PCT

Post-Cycle Therapy is a pharmacological protocol targeting HPTA restoration after exogenous-androgen suppression. The goal is return to endogenous testosterone production and spermatogenesis — not maintenance of serum testosterone values through the transition.

Standard SERM-based protocol (4 weeks):

– Tamoxifen (Nolvadex): 20 mg/day weeks 1–2, then 10 mg/day weeks 3–4.
– OR Clomiphene (Clomid): 50 mg/day weeks 1–2, then 25 mg/day weeks 3–4.

Both SERMs occupy estrogen receptors at the hypothalamus and pituitary without agonist activity, lifting the negative-feedback brake on GnRH pulsing. LH and FSH rise; Leydig cells respond with testosterone synthesis; Sertoli cells resume spermatogenesis.

Tamoxifen vs clomiphene — the choice is not cosmetic:

Clomiphene is a 60:40 racemic mixture of enclomifene (pure antagonist, the therapeutic fraction) and zuclomifene (weak partial agonist with a serum half-life exceeding 14 days). The zuclomifene residue accumulates across a 4-week course and produces the documented visual-disturbance signature — phosphenes, transient colour shifts — and the mood effects clinicians attribute to “clomid fog.” Pure enclomifene is available in some markets (Androxal, EnclomOne) and avoids the accumulation entirely. Tamoxifen lacks the isomer problem and is the cleaner choice for most protocols.

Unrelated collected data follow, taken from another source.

(* Let $\eta\in\mathbb{R}\setminus\{0\}$, let $\varepsilon',\ell,\delta,\delta'>0$, let $A\in\mathrm{SL}(2,\mathbb{Z})$ and set $v=A(0,1)$. There exists $\xi_0=\xi_0(|\eta|,A,\ell,\varepsilon',\delta,\delta')\in\mathbb{N}^*$ with the following property. Let $X\subseteq\mathbb{R}^2$ be non-empty, let $\varepsilon>0$, and let $\gamma$ be a union of segments in $\mathbb{R}^2$ which is $\varepsilon$-dense in $X$, such that the direction of each segment of $\gamma$ is at distance greater than $\delta$ from the direction of $v$ on $\mathbb{S}^1$, and each segment of $\gamma$ has length greater than $\ell$. Then for every integer $\xi\ge\xi_0$ there exists a subset $\gamma'\subseteq A\circ J_{\eta,\xi}\circ A^{-1}(\gamma)$ which is a union of segments, is $(\varepsilon+\varepsilon')$-dense in $\mathrm{Str}(X,\eta v)$, whose segments have directions within distance $\delta'$ of the direction of $v$ on $\mathbb{S}^1$, and whose segments have lengths greater than $\|A^{-1}\|^{-1}|\eta|$.
   Context: Directions of non-zero vectors of $\mathbb{R}^2$ are identified with the unit circle $\mathbb{S}^1$, equipped with the Riemannian metric induced by the Euclidean metric of $\mathbb{R}^2$. $\|\cdot\|$ is the operator norm. $X$ is $\varepsilon$-dense in $Y$ if $Y\subseteq B_\varepsilon(X)$ (open $\varepsilon$-neighbourhood). $\mathrm{Str}(X,w)=X+[-w,w]$ (Minkowski sum). For $\xi\in\mathbb{N}^*$, $\phi_\xi(x)=(-1)^{z+1}(4\xi x-2z-1)$ for $z\in\mathbb{Z}$, $x\in[\frac{z}{2\xi},\frac{z+1}{2\xi})$, and $J_{\eta,\xi}(x,y)=(x,y+\eta\phi_\xi(x))$. *)

From Stdlib Require Import Reals ZArith.
From Coquelicot Require Import Coquelicot.
Open Scope R_scope.

Definition pt := (R * R)%type.

Definition padd (p q : pt) : pt := (fst p + fst q, snd p + snd q).
Definition psub (p q : pt) : pt := (fst p - fst q, snd p - snd q).
Definition pscal (t : R) (p : pt) : pt := (t * fst p, t * snd p).
Definition pdot (p q : pt) : R := fst p * fst q + snd p * snd q.
Definition pnorm (p : pt) : R := sqrt (pdot p p).
Definition pdist (p q : pt) : R := pnorm (psub p q).

(* Riemannian (angular) distance on S^1 between the directions of two
   non-zero vectors u and v. *)
Definition dir_dist (u v : pt) : R :=
  acos (pdot u v / (pnorm u * pnorm v)).

Definition seg (p q : pt) : pt -> Prop :=
  fun x => exists t, 0 <= t <= 1 /\ x = padd p (pscal t (psub q p)).

Definition is_union_of_segs (I : Type) (p q : I -> pt) (g : pt -> Prop) : Prop :=
  forall x, g x <-> exists i, seg (p i) (q i) x.

(* Y is eps-dense ... : Y is contained in the open eps-neighbourhood of X *)
Definition eps_dense (X : pt -> Prop) (eps : R) (Y : pt -> Prop) : Prop :=
  forall y, Y y -> exists x, X x /\ pdist x y < eps.

Definition Str (X : pt -> Prop) (w : pt) : pt -> Prop :=
  fun y => exists x t, X x /\ -1 <= t <= 1 /\ y = padd x (pscal t w).

Record mat2Z := Mat2Z { ma : Z; mb : Z; mc : Z; md : Z }.
Definition in_SL2Z (A : mat2Z) : Prop :=
  (ma A * md A - mb A * mc A = 1)%Z.
Definition mapp (A : mat2Z) (x : pt) : pt :=
  (IZR (ma A) * fst x + IZR (mb A) * snd x,
   IZR (mc A) * fst x + IZR (md A) * snd x).
(* inverse of a determinant-one matrix *)
Definition minv (A : mat2Z) : mat2Z :=
  Mat2Z (md A) (- mb A) (- mc A) (ma A).

Definition opnorm (A : mat2Z) : R :=
  real (Lub_Rbar (fun r => exists x, pnorm x = 1 /\ r = pnorm (mapp A x))).

Definition phi (xi : nat) (x : R) : R :=
  let z := Int_part (2 * INR xi * x) in
  powerRZ (-1) (z + 1) * (4 * INR xi * x - 2 * IZR z - 1).

Definition J (eta : R) (xi : nat) (p : pt) : pt :=
  (fst p, snd p + eta * phi xi (fst p)).

Definition img (f : pt -> pt) (g : pt -> Prop) : pt -> Prop :=
  fun y => exists x, g x /\ y = f x.

From Stdlib Require Import Reals ZArith Lra Lia Psatz.
From Coquelicot Require Import Coquelicot.
Open Scope R_scope.

(* Work in the coordinates u = A^-1 y: there v becomes the vertical vector
   (0, 1) and J adds [eta * phi xi x] to the second coordinate.  A segment of
   gamma transverse to v becomes the graph of an affine function with bounded
   slope over an interval of length bounded below.  On each tooth
   [z h, (z + 1) h], h = 1 / (2 xi), the sawtooth phi is affine and sweeps
   [-1, 1], so J maps the piece of graph over it to a segment of horizontal
   extent h and vertical extent 2 |eta| + O(h), and every point g + tau eta v
   (g in gamma, |tau| <= 1) is O(h)-close to one of these segments.  For h
   small they are nearly vertical and longer than |eta| in u-coordinates,
   which after applying A gives the direction and length bounds. *)

Definition cross (u v : pt) : R := fst u * snd v - snd u * fst v.

Lemma pdot_self_nonneg u : 0 <= pdot u u.
Proof. destruct u as [a b]; unfold pdot; simpl; nra. Qed.

Lemma pnorm_nonneg u : 0 <= pnorm u.
Proof. apply sqrt_pos. Qed.

Lemma pnorm_sqr u : pnorm u * pnorm u = pdot u u.
Proof. apply sqrt_sqrt, pdot_self_nonneg. Qed.

Lemma pnorm_eq0 u : pnorm u = 0 -> u = (0, 0).
Proof.
  intros H. apply sqrt_eq_0 in H; [|apply pdot_self_nonneg].
  destruct u as [a b]; unfold pdot in H; simpl in H. f_equal; nra.
Qed.

Lemma pdot_cross_sqr u v : pdot u v ^ 2 + cross u v ^ 2 = pdot u u * pdot v v.
Proof. destruct u, v; unfold pdot, cross; simpl; ring. Qed.

Lemma Rabs_pdot_le u v : Rabs (pdot u v) <= pnorm u * pnorm v.
Proof.
  rewrite <- (Rabs_right (pnorm u * pnorm v))
    by (apply Rle_ge, Rmult_le_pos; apply pnorm_nonneg).
  apply Rsqr_le_abs_0. unfold Rsqr.
  pose proof (pdot_cross_sqr u v). pose proof (pnorm_sqr u). pose proof (pnorm_sqr v).
  nra.
Qed.

Lemma pnorm_add_le u v : pnorm (padd u v) <= pnorm u + pnorm v.
Proof.
  apply Rsqr_incr_0_var; [|pose proof (pnorm_nonneg u); pose proof (pnorm_nonneg v); lra].
  unfold Rsqr. rewrite pnorm_sqr.
  pose proof (pnorm_sqr u). pose proof (pnorm_sqr v).
  pose proof (Rle_trans _ _ _ (Rle_abs _) (Rabs_pdot_le u v)).
  assert (pdot (padd u v) (padd u v) = pdot u u + 2 * pdot u v + pdot v v)
    by (destruct u, v; unfold pdot, padd; simpl; ring).
  nra.
Qed.

Lemma Rabs_fst_le u : Rabs (fst u) <= pnorm u.
Proof.
  rewrite <- sqrt_Rsqr_abs. apply sqrt_le_1_alt.
  destruct u as [a b]; unfold Rsqr, pdot; simpl; nra.
Qed.

Lemma Rabs_snd_le u : Rabs (snd u) <= pnorm u.
Proof.
  rewrite <- sqrt_Rsqr_abs. apply sqrt_le_1_alt.
  destruct u as [a b]; unfold Rsqr, pdot; simpl; nra.
Qed.

Lemma pnorm_le_Rabs u : pnorm u <= Rabs (fst u) + Rabs (snd u).
Proof.
  apply Rsqr_incr_0_var; [|pose proof (Rabs_pos (fst u)); pose proof (Rabs_pos (snd u)); lra].
  unfold Rsqr. rewrite pnorm_sqr.
  destruct u as [a b]; unfold pdot; simpl.
  pose proof (Rabs_pos a). pose proof (Rabs_pos b).
  pose proof (pow2_abs a). pose proof (pow2_abs b).
  nra.
Qed.

Lemma pnorm_scal t u : pnorm (pscal t u) = Rabs t * pnorm u.
Proof.
  unfold pnorm. rewrite <- sqrt_Rsqr_abs, <- sqrt_mult_alt by apply Rle_0_sqr.
  f_equal; destruct u; unfold pdot, pscal, Rsqr; simpl; ring.
Qed.

Lemma psub_swap p q : psub p q = pscal (-1) (psub q p).
Proof. destruct p, q; unfold psub, pscal; simpl; f_equal; ring. Qed.

Lemma pnorm_psub_sym p q : pnorm (psub p q) = pnorm (psub q p).
Proof. rewrite psub_swap, pnorm_scal, Rabs_m1; ring. Qed.

Lemma mapp_add M u w : mapp M (padd u w) = padd (mapp M u) (mapp M w).
Proof. destruct u, w; unfold mapp, padd; simpl; f_equal; ring. Qed.

Lemma mapp_sub M u w : mapp M (psub u w) = psub (mapp M u) (mapp M w).
Proof. destruct u, w; unfold mapp, psub; simpl; f_equal; ring. Qed.

Lemma mapp_scal M t u : mapp M (pscal t u) = pscal t (mapp M u).
Proof. destruct u; unfold mapp, pscal; simpl; f_equal; ring. Qed.

Definition mdet (M : mat2Z) : R := IZR (ma M) * IZR (md M) - IZR (mb M) * IZR (mc M).

Lemma mdet_SL2Z A : in_SL2Z A -> mdet A = 1.
Proof. intros H. unfold mdet, in_SL2Z in *. rewrite <- !mult_IZR, <- minus_IZR, H. reflexivity. Qed.

Lemma mapp_minv_mapp_mdet A u : mapp (minv A) (mapp A u) = pscal (mdet A) u.
Proof. destruct u; unfold mapp, minv, mdet, pscal; simpl; rewrite !opp_IZR; f_equal; ring. Qed.

Lemma mapp_mapp_minv_mdet A u : mapp A (mapp (minv A) u) = pscal (mdet A) u.
Proof. destruct u; unfold mapp, minv, mdet, pscal; simpl; rewrite !opp_IZR; f_equal; ring. Qed.

Lemma pscal_1 u : pscal 1 u = u.
Proof. destruct u; unfold pscal; simpl; f_equal; ring. Qed.

Lemma mapp_minv_mapp A u : in_SL2Z A -> mapp (minv A) (mapp A u) = u.
Proof. intros H. rewrite mapp_minv_mapp_mdet, mdet_SL2Z by exact H. apply pscal_1. Qed.

Lemma mapp_mapp_minv A u : in_SL2Z A -> mapp A (mapp (minv A) u) = u.
Proof. intros H. rewrite mapp_mapp_minv_mdet, mdet_SL2Z by exact H. apply pscal_1. Qed.

Lemma fst_mapp_minv A d : fst (mapp (minv A) d) = cross d (mapp A (0, 1)).
Proof. destruct d; unfold mapp, minv, cross; simpl; rewrite !opp_IZR; ring. Qed.

Lemma mapp_e2_pos A : in_SL2Z A -> 0 < pnorm (mapp A (0, 1)).
Proof.
  intros HA. destruct (Rle_lt_or_eq_dec _ _ (pnorm_nonneg (mapp A (0, 1)))) as [H|H]; [exact H|].
  symmetry in H. apply pnorm_eq0 in H. unfold mapp in H; simpl in H.
  injection H as Hb Hd. apply mdet_SL2Z in HA. unfold mdet in HA. nra.
Qed.

Definition mbound (M : mat2Z) : R :=
  1 + Rabs (IZR (ma M)) + Rabs (IZR (mb M)) + Rabs (IZR (mc M)) + Rabs (IZR (md M)).

Lemma mbound_ge1 M : 1 <= mbound M.
Proof.
  unfold mbound. pose proof (Rabs_pos (IZR (ma M))). pose proof (Rabs_pos (IZR (mb M))).
  pose proof (Rabs_pos (IZR (mc M))). pose proof (Rabs_pos (IZR (md M))). lra.
Qed.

Timing — start PCT when exogenous compound has cleared enough for the pituitary to register the hypogonadal state:

– After short esters (propionate, acetate): 3–5 days post-last-injection.
– After long esters (enanthate, cypionate): 14 days post-last-injection.
– After decanoate (Deca, Sustanon): 21–28 days post-last-injection.
– After oral-only cycle: 24–48 hours post-last-dose.

Starting SERM while residual ester is still hydrolysing is dose wasted. The SERM cannot lift a feedback brake that exogenous hormone is still pressing.

The Leydig-desensitisation trap:

Extended suppression (>16 weeks) produces Leydig-cell desensitisation to LH signalling. SERM restarts central signalling, but the testicular response is blunted — post-PCT bloodwork shows elevated LH with inadequate total T. The intervention is preventive: on-cycle hCG 500 IU 2× weekly throughout suppression maintains Leydig responsiveness. Post-cycle rescue with hCG is available but recovers less cleanly than prevention. Nandrolone-containing cycles produce the deepest suppression; multi-year trenbolone use produces the longest documented recovery timelines (12+ months, with or without aggressive PCT).

Bloodwork schedule:

Week 4 of PCT — LH, FSH, total testosterone, free testosterone, sensitive estradiol (LC-MS/MS, not immunoassay), SHBG. Week 8 retest if values have not normalised. Total T below 400 ng/dL with detectable LH at week 8 suggests ongoing recovery; below 300 ng/dL with suppressed LH is the threshold for clinical review.

Published recovery timelines: 3–6 months for moderate testosterone-only cycles, 6–12 months for nandrolone-containing protocols, 12+ months for multi-compound multi-year use. The recovery distribution is right-skewed — the median user hits baseline faster than the mean. Plan around the mean.